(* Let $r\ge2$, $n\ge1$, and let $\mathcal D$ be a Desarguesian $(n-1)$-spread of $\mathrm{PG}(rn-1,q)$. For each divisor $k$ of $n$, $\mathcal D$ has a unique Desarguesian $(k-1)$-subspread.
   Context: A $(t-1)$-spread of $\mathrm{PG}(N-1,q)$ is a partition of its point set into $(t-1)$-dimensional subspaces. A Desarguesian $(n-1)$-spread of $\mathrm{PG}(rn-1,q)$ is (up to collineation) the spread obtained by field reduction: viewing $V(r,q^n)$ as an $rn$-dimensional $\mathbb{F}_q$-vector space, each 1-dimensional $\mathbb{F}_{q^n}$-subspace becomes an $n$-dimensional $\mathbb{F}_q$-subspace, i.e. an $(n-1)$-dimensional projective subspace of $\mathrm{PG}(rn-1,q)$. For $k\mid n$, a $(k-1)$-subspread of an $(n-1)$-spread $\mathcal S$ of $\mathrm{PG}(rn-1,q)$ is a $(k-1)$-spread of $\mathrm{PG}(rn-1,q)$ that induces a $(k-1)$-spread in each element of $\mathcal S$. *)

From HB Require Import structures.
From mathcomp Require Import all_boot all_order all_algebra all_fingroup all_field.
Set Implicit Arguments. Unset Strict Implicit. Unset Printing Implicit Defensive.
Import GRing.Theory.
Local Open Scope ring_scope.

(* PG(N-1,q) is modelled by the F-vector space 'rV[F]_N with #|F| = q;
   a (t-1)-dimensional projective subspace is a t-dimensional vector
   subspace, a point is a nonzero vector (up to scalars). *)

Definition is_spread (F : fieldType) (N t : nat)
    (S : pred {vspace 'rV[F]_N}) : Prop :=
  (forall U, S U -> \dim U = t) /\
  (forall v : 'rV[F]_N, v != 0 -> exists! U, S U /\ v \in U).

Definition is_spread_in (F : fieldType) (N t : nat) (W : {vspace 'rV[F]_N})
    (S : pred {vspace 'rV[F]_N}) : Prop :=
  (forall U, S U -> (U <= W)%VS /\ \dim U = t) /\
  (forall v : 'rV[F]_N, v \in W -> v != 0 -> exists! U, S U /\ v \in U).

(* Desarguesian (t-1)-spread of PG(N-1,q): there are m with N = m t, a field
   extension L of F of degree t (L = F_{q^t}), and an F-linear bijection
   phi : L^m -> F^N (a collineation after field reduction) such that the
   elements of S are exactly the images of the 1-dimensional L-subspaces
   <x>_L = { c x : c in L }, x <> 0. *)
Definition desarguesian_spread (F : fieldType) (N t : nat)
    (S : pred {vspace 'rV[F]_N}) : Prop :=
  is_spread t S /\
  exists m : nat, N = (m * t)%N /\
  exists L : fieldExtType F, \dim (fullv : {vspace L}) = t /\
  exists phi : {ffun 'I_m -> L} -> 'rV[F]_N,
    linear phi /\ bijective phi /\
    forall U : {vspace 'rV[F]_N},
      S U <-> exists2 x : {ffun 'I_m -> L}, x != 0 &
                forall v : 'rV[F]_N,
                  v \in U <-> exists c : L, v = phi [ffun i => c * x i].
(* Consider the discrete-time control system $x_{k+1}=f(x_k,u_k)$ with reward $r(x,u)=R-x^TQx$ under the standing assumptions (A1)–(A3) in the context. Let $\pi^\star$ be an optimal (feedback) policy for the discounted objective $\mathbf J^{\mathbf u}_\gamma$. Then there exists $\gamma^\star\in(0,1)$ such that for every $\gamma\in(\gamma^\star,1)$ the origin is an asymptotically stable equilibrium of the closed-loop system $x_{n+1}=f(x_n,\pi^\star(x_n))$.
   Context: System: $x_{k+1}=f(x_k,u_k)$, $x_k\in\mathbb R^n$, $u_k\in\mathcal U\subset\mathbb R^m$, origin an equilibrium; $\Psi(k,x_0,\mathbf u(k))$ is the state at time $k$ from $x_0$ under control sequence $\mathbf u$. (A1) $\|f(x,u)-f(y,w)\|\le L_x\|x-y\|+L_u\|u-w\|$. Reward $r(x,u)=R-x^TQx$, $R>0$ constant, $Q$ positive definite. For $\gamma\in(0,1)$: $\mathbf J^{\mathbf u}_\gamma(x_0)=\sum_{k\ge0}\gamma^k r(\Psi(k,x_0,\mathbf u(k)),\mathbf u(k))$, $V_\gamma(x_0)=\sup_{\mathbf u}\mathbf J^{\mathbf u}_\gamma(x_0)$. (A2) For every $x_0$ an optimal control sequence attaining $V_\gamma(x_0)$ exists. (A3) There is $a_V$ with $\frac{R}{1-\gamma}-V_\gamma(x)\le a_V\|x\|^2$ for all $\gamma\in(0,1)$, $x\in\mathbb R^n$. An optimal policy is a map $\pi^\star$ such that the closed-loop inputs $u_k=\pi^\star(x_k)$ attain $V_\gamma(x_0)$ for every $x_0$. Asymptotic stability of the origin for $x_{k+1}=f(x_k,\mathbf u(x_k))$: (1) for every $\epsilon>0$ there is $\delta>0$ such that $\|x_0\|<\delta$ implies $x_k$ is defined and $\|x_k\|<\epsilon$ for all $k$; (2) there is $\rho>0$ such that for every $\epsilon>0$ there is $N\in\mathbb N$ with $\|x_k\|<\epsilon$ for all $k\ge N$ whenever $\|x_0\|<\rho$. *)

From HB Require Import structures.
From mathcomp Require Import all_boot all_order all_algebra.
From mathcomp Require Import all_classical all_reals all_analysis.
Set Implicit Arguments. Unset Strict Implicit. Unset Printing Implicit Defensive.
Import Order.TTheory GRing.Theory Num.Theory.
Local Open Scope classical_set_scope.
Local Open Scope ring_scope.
--
> _Assignment_:
Give again, exactly as written, every line from the first one above through the line that has "a (t-1)-dimensional projective" in it.

> _Worked solution_:
(* Let $r\ge2$, $n\ge1$, and let $\mathcal D$ be a Desarguesian $(n-1)$-spread of $\mathrm{PG}(rn-1,q)$. For each divisor $k$ of $n$, $\mathcal D$ has a unique Desarguesian $(k-1)$-subspread.
   Context: A $(t-1)$-spread of $\mathrm{PG}(N-1,q)$ is a partition of its point set into $(t-1)$-dimensional subspaces. A Desarguesian $(n-1)$-spread of $\mathrm{PG}(rn-1,q)$ is (up to collineation) the spread obtained by field reduction: viewing $V(r,q^n)$ as an $rn$-dimensional $\mathbb{F}_q$-vector space, each 1-dimensional $\mathbb{F}_{q^n}$-subspace becomes an $n$-dimensional $\mathbb{F}_q$-subspace, i.e. an $(n-1)$-dimensional projective subspace of $\mathrm{PG}(rn-1,q)$. For $k\mid n$, a $(k-1)$-subspread of an $(n-1)$-spread $\mathcal S$ of $\mathrm{PG}(rn-1,q)$ is a $(k-1)$-spread of $\mathrm{PG}(rn-1,q)$ that induces a $(k-1)$-spread in each element of $\mathcal S$. *)

From HB Require Import structures.
From mathcomp Require Import all_boot all_order all_algebra all_fingroup all_field.
Set Implicit Arguments. Unset Strict Implicit. Unset Printing Implicit Defensive.
Import GRing.Theory.
Local Open Scope ring_scope.

(* PG(N-1,q) is modelled by the F-vector space 'rV[F]_N with #|F| = q;
   a (t-1)-dimensional projective subspace is a t-dimensional vector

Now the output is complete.